## PROBLEM DETAILS
Give the lines below again exactly, starting with the line that holds "apply/negbTE/andP => -[xA xL]." and going on through the line that holds "by apply: subset_trans IBC".

## RECORDS FOR PROCESSING

Lemma iso_dsumU k l (T : finType) (N : matroid T) (I L : {set T}) :
  ground N = I :|: L -> [disjoint I & L] -> #|I| = k.+1 -> #|L| = l.+1 ->
  (forall A : {set T}, A \subset ground N -> (A \in indep N) = [disjoint A & L]) ->
  iso N (dsum (U k.+1 k.+1) (U 0 l.+1)).
Proof.
move=> NG IL cI cL Nindep.
have [gI [gI_inj gI_onto]] := ord_enum_onto cI.
have [gL [gL_inj gL_onto]] := ord_enum_onto cL.
pose f x : 'I_k.+1 + 'I_l.+1 := if x \in I then inl (gI x) else inr (gL x).
have fI x : x \in I -> f x = inl (gI x) by move=> xI; rewrite /f xI.
have fL x : x \in L -> f x = inr (gL x) by move=> xL; rewrite /f (disjointFl IL xL).
exists f; rewrite dsumU_ground; split.
- rewrite NG => x y /setUP[xI | xL] /setUP[yI | yL].
  + by rewrite !fI // => -[] /gI_inj; apply.
  + by rewrite fI ?fL.
  + by rewrite fL ?fI.
  + by rewrite !fL // => -[] /gL_inj; apply.
- apply/eqP; rewrite eqEsubset subsetT /= NG; apply/subsetP => -[] j _.
  + have /imsetP[x xI ->] : j \in gI @: I by rewrite gI_onto inE.
    by apply/imsetP; exists x; rewrite ?inE ?xI ?fI.
  + have /imsetP[x xL ->] : j \in gL @: L by rewrite gL_onto inE.
    by apply/imsetP; exists x; rewrite ?inE ?xL ?orbT ?fL.
- move=> A AN; rewrite Nindep // dsumU_indep.
  have {}AN : A \subset I :|: L by rewrite -NG.
  split => [AL | /forallP nA].
  + apply/forallP => j; apply/imsetP => -[x xA].
    have /setUP[xI | xL] := subsetP AN x xA; first by rewrite fI.
    by rewrite (disjointFr AL xA) in xL.
  + apply/pred0P => x /=; apply/negbTE/andP => -[xA xL].
    by have := nA (gL x); rewrite -fL // imset_f.
Qed.

Lemma kl_set_minor k l (T : finType) (M : matroid T) (X : {set T}) : is_matroid M ->
  kl_set k.+1 l.+1 M X -> exists N, is_minor N M /\ iso N (dsum (U k.+1 k.+1) (U 0 l.+1)).
Proof.
move=> M_matroid [XE rXk rXl].
have [C [Ci CX cC]] := mrank_witness M_matroid X.
have [B [Bi CB cB]] := indep_extend_basis M_matroid Ci.
have [I IBC cI] : exists2 I : {set T}, I \subset B :\: C & #|I| = k.+1.
  by apply: exists_subset_card; rewrite cardsD (setIidPr CB) cB cC; lia.
have [L LXC cL] : exists2 L : {set T}, L \subset X :\: C & #|L| = l.+1.
  by apply: exists_subset_card; rewrite cardsD (setIidPr CX) cC; lia.
have IG : I \subset ground M :\: C.
  by apply: subset_trans IBC _; apply: setSD; exact: (indep_ground M_matroid Bi).
have LG : L \subset ground M :\: C by apply: subset_trans LXC _; apply: setSD.
have IB : I \subset B := subset_trans IBC (subsetDl _ _).
have IL : [disjoint I & L].
  rewrite -(indep_setU_disjointE M_matroid CX cC Bi CB LXC) ?(subset_trans IB) ?subsetUl //.
  by rewrite (indepS M_matroid _ Bi) // subUset CB IB.
set N := restrict (contract M C) (I :|: L).
have NG : ground N = I :|: L by rewrite ground_restrict // subUset IG LG.
have Nindep (A : {set T}) : A \subset ground N -> (A \in indep N) = [disjoint A & L].
  move=> AN; rewrite indep_minorE // (mrank_indep Ci).
  rewrite NG in AN; have : A \subset ground M :\: C by rewrite (subset_trans AN) // subUset IG LG.
  rewrite subsetD => /andP[_ AC].
  have cAC : #|A :|: C| = #|A| + #|C| by rewrite cardsU (disjoint_setI0 AC) cards0 subn0.
  rewrite -cAC -indep_mrankE // (indep_setU_disjointE M_matroid CX cC Bi CB LXC) //.
  by apply: subset_trans AN _; apply: setSU.
exists N; split; last exact: iso_dsumU NG IL cI cL Nindep.
exists C, (ground M :\: C :\: (I :|: L)); split => //.
- exact: subset_trans CX XE.
- exact: subset_trans (subsetDl _ _) (subsetDl _ _).
- by rewrite disjoint_sym disjoints_subset setDDl setDE setCU setICA subsetIl.
Qed.

Lemma kl_uniformP k l (T : finType) (M : matroid T) : is_matroid M ->
  kl_uniform k.+1 l.+1 M <-> ~ exists X, kl_set k.+1 l.+1 M X.
Proof.
move=> M_matroid; split=> [kl [X XS] | noX minor].
  exact: kl (kl_set_minor M_matroid XS).
exact: noX (minor_kl_set M_matroid minor).
Qed.

Lemma dual_indepE (T : finType) (M : matroid T) (Y : {set T}) :
  is_matroid M -> Y \subset ground M ->
  (Y \in indep (dual M)) = (rk M <= mrank M (ground M :\: Y)).
Proof.
move=> M_matroid YE; rewrite inE /= YE /=; apply/existsP/idP => [[B] | rk_le].
  rewrite /is_basis => /andP[/andP[Bi /eqP <-] YB]; apply: (indep_leq_mrank Bi).
  by rewrite subsetD (indep_ground M_matroid Bi) disjoint_sym.
have [B [Bi BEY cB]] := mrank_witness M_matroid (ground M :\: Y).
exists B; rewrite /is_basis Bi eqn_leq cB mrankS ?subsetDl //= rk_le.
by move: BEY; rewrite subsetD disjoint_sym => /andP[].
Qed.


Section Representation.
Variables (T : finType) (M : matroid T) (F : fieldType) (n : nat) (v : T -> 'rV[F]_n).
Hypothesis M_matroid : is_matroid M.
Hypothesis v_represents : forall A : {set T}, A \subset ground M ->
  (A \in indep M <->
   \rank (\matrix_(i < #|A|, j < n) v (@enum_val T (mem A) i) 0 j)%R = #|A|).
Implicit Types (A B X : {set T}) (e : T).
Lemma local_parameter_avg_param : local_parameter avg_param.
Proof.
apply: local_parameter_coef; rewrite ?avg_param_coef0 ?avg_param_coef1 //.
by rewrite pnatr_eq0 -lt0n cardG_gt0.
Qed.

Lemma lin_coef_eq1 g : g \in Clin -> lin_coef g = 1 -> g = 1%g.
Proof.
move=> g_Clin g1; apply: phi_inj; apply: functional_extensionality => a.
rewrite phi1 (R_aut_eq_id (phi_aut g) _ local_parameter_avg_param) // => [d|].
  by rewrite phi_const const_act_lin.
by rewrite phi_avg_param // g1; apply: fps_ext => k; rewrite mul1r.
Qed.

Lemma lin_coef_inj : {in Clin &, injective lin_coef}.
Proof.
move=> g h g_Clin h_Clin gh; apply/eqP; rewrite eq_mulgV1; apply/eqP.
apply: lin_coef_eq1; first by rewrite groupM ?groupV.
by rewrite lin_coefMl // lin_coefV // gh mulfV ?lin_coef_neq0.
Qed.

Lemma Clin_generator : exists2 rho, <[rho]>%g = Clin & lin_coef rho = xi_n R #|Clin|.
Proof.
have /cyclicP[x Clin_x] : cyclic Clin.
  apply: (@field_mul_group_cyclic _ _ _ lin_coef) => [g h /lin_coefMl -> //|g g_Clin].
  by split=> [/(lin_coef_eq1 g_Clin) | ->]; rewrite ?lin_coef1.
have x_Clin : x \in Clin by rewrite Clin_x cycle_id.
have xk_Clin k : (x ^+ k)%g \in Clin by rewrite groupX.
set n := #|Clin|; have n_gt0 : (0 < n)%N := cardG_gt0 _.
have prim_x : n.-primitive_root (lin_coef x).
  apply: primitive_root_min; rewrite ?lin_coef_expn // => k /andP[k_gt0 ltkn].
  rewrite -lin_coefX // -lin_coef1; apply/eqP => /(lin_coef_inj (xk_Clin k) (group1 _)) xk1.
  have : (#[x]%g %| k)%N by rewrite order_dvdn xk1.
  by rewrite orderE -Clin_x => /(dvdn_leq k_gt0); rewrite leqNgt ltkn.
have [i xi_xi] := prim_rootP prim_x (prim_expr_order (xi_n_prim R n_gt0)).
have rho_xi : lin_coef (x ^+ i)%g = xi_n R n by rewrite lin_coefX.
exists (x ^+ i)%g => //; apply/eqP; rewrite eqEcard cycle_subG xk_Clin /= -orderE.
rewrite dvdn_leq ?order_gt0 // (prim_order_dvd (xi_n_prim R n_gt0)) -rho_xi.
by rewrite -lin_coefX ?xk_Clin // expg_order lin_coef1.
Qed.

Lemma phiM g h a : phi (g * h)%g a = phi g (phi h a).
Proof. by rewrite phi_hom. Qed.

Lemma phi_scale g d a : phi g (fun k => d * a k) = fun k => const_act g d * phi g a k.
Proof.
case: (phi_aut g) => _ _ phi_mul _ _.
by rewrite -fps_mul_constl phi_mul phi_const fps_mul_constl.
Qed.
Fixpoint teval (a : nat -> R) (t : term) : R :=
  match t with
  | TVar i => a i
  | TZero => 0
  | TMinusOne => -1
  | TAdd t1 t2 => teval a t1 + teval a t2
  | TNeg t1 => - teval a t1
  | TMeet t1 t2 => Rmin (teval a t1) (teval a t2)
  | TJoin t1 t2 => Rmax (teval a t1) (teval a t2)
  end.

Fixpoint holds (a : nat -> R) (f : oformula) : Prop :=
  match f with
  | FAtom t1 t2 => teval a t1 = teval a t2
  | FNot g => ~ holds a g
  | FAnd g h => holds a g /\ holds a h
  | FOr g h => holds a g \/ holds a h
  end.

Fixpoint tsize (t : term) : nat :=
  match t with
  | TVar _ | TZero | TMinusOne => 1%nat
  | TAdd t1 t2 | TMeet t1 t2 | TJoin t1 t2 => (tsize t1 + tsize t2)%nat
  | TNeg t1 => tsize t1
  end.

Fixpoint fsize (f : oformula) : nat :=
  match f with
  | FAtom t1 t2 => (tsize t1 + tsize t2)%nat
  | FNot g => fsize g
  | FAnd g h | FOr g h => (fsize g + fsize h)%nat
  end.

Fixpoint tvars_below (n : nat) (t : term) : Prop :=
  match t with
  | TVar i => (i < n)%nat
  | TZero | TMinusOne => True
  | TAdd t1 t2 | TMeet t1 t2 | TJoin t1 t2 => tvars_below n t1 /\ tvars_below n t2
  | TNeg t1 => tvars_below n t1
  end.

Fixpoint fvars_below (n : nat) (f : oformula) : Prop :=
  match f with
  | FAtom t1 t2 => tvars_below n t1 /\ tvars_below n t2
  | FNot g => fvars_below n g
  | FAnd g h | FOr g h => fvars_below n g /\ fvars_below n h
  end.

(* Number of bits of the binary representation of an integer M
   (of its absolute value; 0 is written with one bit). *)
Definition nbits (M : Z) : Z := (Z.log2 (Z.abs M) + 1)%Z.

Definition log2R (x : R) : R := ln x / ln 2.

(* The truth value of Phi at a point is determined by the signs there of finitely
   many affine forms with integer coefficients: on each region of constant signs
   every term equals one of its affine "pieces", and it suffices to know the
   signs of the differences of the two sides of each atom and of the two
   arguments of each meet and join.  All these forms have norm at most N.
   Fourier-Motzkin elimination of a variable x_j replaces a set of forms of norm
   at most W by the forms with x_j dropped and the pairwise eliminants of x_j,
   of norm at most 2W^2+1.  A point with the right signs for the new set extends
   to one with the right signs for the old set by choosing x_j in the right cut
   of the zeros of the old forms, and these zeros are bounded in terms of the
   point.  Iterating over the at most N variables gives a witness bounded by
   2^((2^N - 1)(N+2)), so M = 2^(2N+2) works, and it has 2N+3 bits. *)

From Stdlib Require Import Reals ZArith Lra Lia List Classical.
Import ListNotations.
Open Scope R_scope.

Definition same_sign (x y : R) : Prop :=
  (x < 0 /\ y < 0) \/ (x = 0 /\ y = 0) \/ (0 < x /\ 0 < y).

Lemma same_sign_refl x : same_sign x x.
Proof. unfold same_sign. destruct (total_order_T x 0) as [[h|h]|h]; lra. Qed.

Lemma same_sign_scale k x y : same_sign x y -> same_sign (k * x) (k * y).
Proof.
  unfold same_sign. intros H. destruct (total_order_T k 0) as [[h|h]|h]; [nra|subst; lra|nra].
Qed.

## SOLUTION TO THIS TASK
  + apply/pred0P => x /=; apply/negbTE/andP => -[xA xL].
    by have := nA (gL x); rewrite -fL // imset_f.
Qed.

Lemma kl_set_minor k l (T : finType) (M : matroid T) (X : {set T}) : is_matroid M ->
  kl_set k.+1 l.+1 M X -> exists N, is_minor N M /\ iso N (dsum (U k.+1 k.+1) (U 0 l.+1)).
Proof.
move=> M_matroid [XE rXk rXl].
have [C [Ci CX cC]] := mrank_witness M_matroid X.
have [B [Bi CB cB]] := indep_extend_basis M_matroid Ci.
have [I IBC cI] : exists2 I : {set T}, I \subset B :\: C & #|I| = k.+1.
  by apply: exists_subset_card; rewrite cardsD (setIidPr CB) cB cC; lia.
have [L LXC cL] : exists2 L : {set T}, L \subset X :\: C & #|L| = l.+1.
  by apply: exists_subset_card; rewrite cardsD (setIidPr CX) cC; lia.
have IG : I \subset ground M :\: C.
  by apply: subset_trans IBC _; apply: setSD; exact: (indep_ground M_matroid Bi).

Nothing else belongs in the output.